The market reaction at the time certainly suggested this could be the case - risk assets rallied and havens were crushed, including gold, which fell to lows of below $1680 from above the $1700 level.
However, gold is sharply higher on Monday, rising back above the $1690 level. Could gold be setting the foundation for another big run to the upside, like we have seen so many times in the past?
Technically speaking, gold yesterday found strong support at the May $1670 low. Technicians will now likely be eyeing a break back above $1700 followed by advancement onto around $1750.
Fundamentally speaking, while the US economy might be in better shape that previously thought, it is still in VERY bad shape. This has important implications for gold, as it ensures one thing: Fed stimulus is going nowhere any time soon.
In fact, Goldman Sachs expects the world’s most important central bank to make 3 major steps between now and September;
1) They expect the central bank to transition back towards a more traditional asset purchase programme, where they think the Fed will announce intentions to buy $80bln in US government bonds plus $40bln in Mortgage-Backed Securities per month. (As opposed to their current, unlimited QE programme, which was more designed to solve market liquidity problems).
2) They expect the bank to outline outcome-based forward guidance - basically this would be setting out economic criteria that need to be met before QE is tapered and interest rates lifted.

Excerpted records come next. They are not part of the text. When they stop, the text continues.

Definition co (K : finFieldType) (n : nat) (w : 'rV[K]_n.+1) (k : nat) : K :=
  w ord0 (inord k).

Definition row3 (K : finFieldType) (a b c : K) : 'rV[K]_3 :=
  \row_(i < 3) nth 0 [:: a; b; c] i.
Definition row5 (K : finFieldType) (a b c d e : K) : 'rV[K]_5 :=
  \row_(i < 5) nth 0 [:: a; b; c; d; e] i.

Definition cnj (K : finFieldType) (q : nat) (x : K) : K := x ^+ q.
Definition inF (K : finFieldType) (q : nat) (x : K) : bool := x ^+ q == x.
Definition Fvec (K : finFieldType) (q : nat) (n : nat) (w : 'rV[K]_n) : Prop :=
  forall i, inF q (w ord0 i).
Definition vconj (K : finFieldType) (q : nat) (n : nat) (v : 'rV[K]_n) : 'rV[K]_n :=
  map_mx (cnj q) v.

Definition peq (K : finFieldType) (n : nat) (u v : 'rV[K]_n) : Prop :=
  exists c : K, c != 0 /\ u = c *: v.

Definition Fpt (K : finFieldType) (q : nat) (n : nat) (p : 'rV[K]_n) : Prop :=
  exists w, Fvec q w /\ w != 0 /\ peq p w.

(* ternary quadratic form a x^2 + b y^2 + c z^2 + f yz + g zx + h xy,
   coefficients (a,b,c,f,g,h) = (c0,...,c5) *)
Definition qf (K : finFieldType) (c : 'rV[K]_6) (x : 'rV[K]_3) : K :=
  co c 0 * co x 0 ^+ 2 + co c 1 * co x 1 ^+ 2 + co c 2 * co x 2 ^+ 2
  + co c 3 * co x 1 * co x 2 + co c 4 * co x 2 * co x 0 + co c 5 * co x 0 * co x 1.

(* characteristic-free discriminant 4abc + fgh - af^2 - bg^2 - ch^2;
   the conic is non-degenerate iff it is nonzero *)
Definition qdisc (K : finFieldType) (c : 'rV[K]_6) : K :=
  4%:R * co c 0 * co c 1 * co c 2 + co c 3 * co c 4 * co c 5
  - co c 0 * co c 3 ^+ 2 - co c 1 * co c 4 ^+ 2 - co c 2 * co c 5 ^+ 2.
Lemma connected_edgesD1 (F : {set {set T}}) f x y :
  connected_edges F -> f \in F -> f = [set x; y] -> x != y ->
  connect (adjF (F :\ f)) x y ->
  connected_edges (F :\ f) /\ vset (F :\ f) = vset F.
Proof.
case/connected_edgesP => _ Fe Fc fF fxy xy cxy.
have [z Hxz] := connect_first_step cxy xy.
have cyx : connect (adjF (F :\ f)) y x by rewrite (sym_connect_sym (@adjF_sym _)).
have yx : y != x by rewrite eq_sym.
have [z' Hyz'] := connect_first_step cyx yx.
have vH : vset (F :\ f) = vset F.
  apply/eqP; rewrite eqEsubset vsetS ?subsetDl //=; apply/subsetP => w /vsetP[g gF wg].
  have [gf|gf] := eqVneq g f; last by apply/vsetP; exists g; rewrite // !inE gf.
  rewrite gf fxy !inE in wg.
  by case/predU1P: wg => [->|/eqP->]; [apply: adjF_vset Hxz | apply: adjF_vset Hyz'].
split=> //; apply/connected_edgesP; split.
- by apply/set0Pn; exists [set x; z].
- by move=> g /setD1P[_ /Fe].
move=> a b; rewrite vH => aF bF; apply: connect_sub (Fc a b aF bF) => u w Huw.
have [uwf|uwf] := eqVneq [set u; w] f; last by apply: connect1; rewrite /adjF !inE uwf.
have uxy : u \in [set x; y] by rewrite -fxy -uwf set21.
have wxy : w \in [set x; y] by rewrite -fxy -uwf set22.
by move: uxy wxy; rewrite !inE => /predU1P[->|/eqP->] /predU1P[->|/eqP->] //;
   rewrite (sym_connect_sym (@adjF_sym _)).
Qed.

(* A minimum-size connected spanning edge set has only bridges. *)
Lemma spanning_subtree (F : {set {set T}}) : connected_edges F ->
  exists2 F' : {set {set T}}, F' \subset F & is_tree e F' && (vset F' == vset F).
Proof.
move=> cF; pose spanning (F' : {set {set T}}) :=
  [&& F' \subset F, connected_edges F' & vset F' == vset F].
have sF : spanning F by rewrite /spanning subxx cF eqxx.
have [F' /and3P[F'F cF' /eqP vF'] F'_min] :=
  @arg_minnP _ F spanning (fun F' : {set {set T}} => #|F'|) sF.
exists F' => //; rewrite vF' eqxx andbT /is_tree; case/and3P: (cF') => -> -> -> /=.
apply/forall_inP => f fF'; apply/forallP => x; apply/forallP => y.
apply/implyP => /eqP fxy; apply/implyP => xy; apply/negP => cxy.
have [cH vH] := connected_edgesD1 cF' fF' fxy xy cxy.
have /F'_min : spanning (F' :\ f).
  by rewrite /spanning cH vH vF' eqxx (subset_trans (subsetDl _ _) F'F).
by rewrite (cardsD1 f F') fF' add1n ltnn.
Qed.

End Trees.

Section RainbowColoring.
Variables (T : finType) (e : rel T).

Definition adj_in (X : {set T}) : rel T := [rel a b | [&& a \in X, b \in X & e a b]].

Variables (K : {set T}) (D : nat -> {set T}).
Hypothesis K_conn : {in K &, forall x y, connect (adj_in K) x y}.
Hypothesis D_disj : forall i j x, i < 3 -> j < 3 -> x \in D i -> x \in D j -> i = j.
Hypothesis D_sub : forall i, i < 3 -> D i \subset K.
Hypothesis D_dom : forall w, w \notin K -> forall i, i < 3 -> exists2 d, d \in D i & e w d.

Definition D_index (f : {set T}) : nat :=
  if [exists d in D 0, d \in f] then 0 else if [exists d in D 1, d \in f] then 1 else 2.

Lemma D_index_pendant w d j : w \notin K -> j < 3 -> d \in D j -> D_index [set w; d] = j.
Proof.
move=> wK j3 dD; have hit i : i < 3 -> [exists d' in D i, d' \in [set w; d]] = (i == j).
  move=> i3; apply/exists_inP/eqP => [[d' d'D]|->]; last by exists d; rewrite ?set22.
  rewrite !inE => /predU1P[d'w|/eqP d'd]; last by apply: D_disj i3 j3 d'D _; rewrite d'd.
  by move: wK; rewrite -d'w (subsetP (D_sub i3) d' d'D).
by rewrite /D_index !hit //; case: j j3 {dD hit} => [|[|[|]]].
Qed.

Definition core_edges := [set f | is_edge e f && (f \subset K)].

Definition attach (W : {set T}) (a : T -> T) := core_edges :|: [set [set w; a w] | w in W].

(* Colours below [2 ^ #|K|] name the subsets of [K]; an edge leaving [K]
   towards [D i] gets colour [2 ^ #|K| + i]. *)
Definition rainbow_color : {ffun {set T} -> 'I_(2 ^ #|K|).+3} :=
  [ffun f : {set T} => inord (if f \subset K then index f (enum (powerset K))
                    else 2 ^ #|K| + D_index f)].

Lemma index_powerset_lt (f : {set T}) : f \subset K -> index f (enum (powerset K)) < 2 ^ #|K|.
Proof. by move=> fK; rewrite -card_powerset cardE index_mem mem_enum powersetE. Qed.

Lemma rainbow_colorE (f : {set T}) : rainbow_color f =
  (if f \subset K then index f (enum (powerset K)) else 2 ^ #|K| + D_index f) :> nat.
Proof.
rewrite ffunE inordK // ltnS; case: ifP => [/index_powerset_lt|_]; first lia.
suff : D_index f <= 2 by lia.
by rewrite /D_index; case: ifP => //; case: ifP.
Qed.

Lemma rainbow_attach (W : {set T}) (a : T -> T) (j : T -> nat) :
  {in W, forall w, [/\ w \notin K, j w < 3 & a w \in D (j w)]} -> {in W &, injective j} ->
  rainbow rainbow_color (attach W a).
Proof.
move=> Wa j_inj; have pendant f : f \in attach W a -> ~~ (f \subset K) ->
    exists2 w, w \in W & f = [set w; a w].
  by rewrite !inE => /orP[/andP[_ ->]//|/imsetP[w wW ->]]; exists w.
have pendant_color w : w \in W -> rainbow_color [set w; a w] = 2 ^ #|K| + j w :> nat.
  move=> wW; have [wK j3 aD] := Wa w wW.
  by rewrite rainbow_colorE subUset sub1set (negbTE wK) (D_index_pendant wK j3 aD).
apply/forall_inP => f fF; apply/forall_inP => g gF; apply/implyP => /eqP/(congr1 (@nat_of_ord _)).
have [fK|fK] := boolP (f \subset K); have [gK|gK] := boolP (g \subset K).
- rewrite !rainbow_colorE fK gK => /(congr1 (nth set0 (enum (powerset K)))).
  by rewrite !nth_index ?mem_enum ?powersetE // => ->.
- have [w wW ->] := pendant g gF gK; rewrite pendant_color // rainbow_colorE fK.
  by move=> eq; have := index_powerset_lt fK; rewrite eq ltnNge leq_addr.
- have [w wW ->] := pendant f fF fK; rewrite pendant_color // rainbow_colorE gK.
  by move=> eq; have := index_powerset_lt gK; rewrite -eq ltnNge leq_addr.
have [w wW ->] := pendant f fF fK; have [w' w'W ->] := pendant g gF gK.
by rewrite !pendant_color // => /addnI/j_inj ->.
Qed.

Lemma core_edges_connect : {in K &, forall x y, connect (adjF core_edges) x y}.
Proof.
move=> x y xK yK; apply: connect_sub (K_conn xK yK) => a b /and3P[aK bK eab].
apply: connect1; rewrite /adjF inE subUset !sub1set aK bK !andbT.
by apply/existsP; exists a; apply/existsP; exists b; rewrite eqxx.
Qed.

3) They expect the Fed to reinforce their guidance with front-end Yield Curve control (as a recent WSJ article hinted the Fed were thinking about).
Basically, the Fed is in this for the long-run. Though they will likely be happy to see the US jobs market rebounding faster than expected, they realise the road to recovery is long.
All the while, gold, which LOVES central bank stimulus, ought to remain in demand.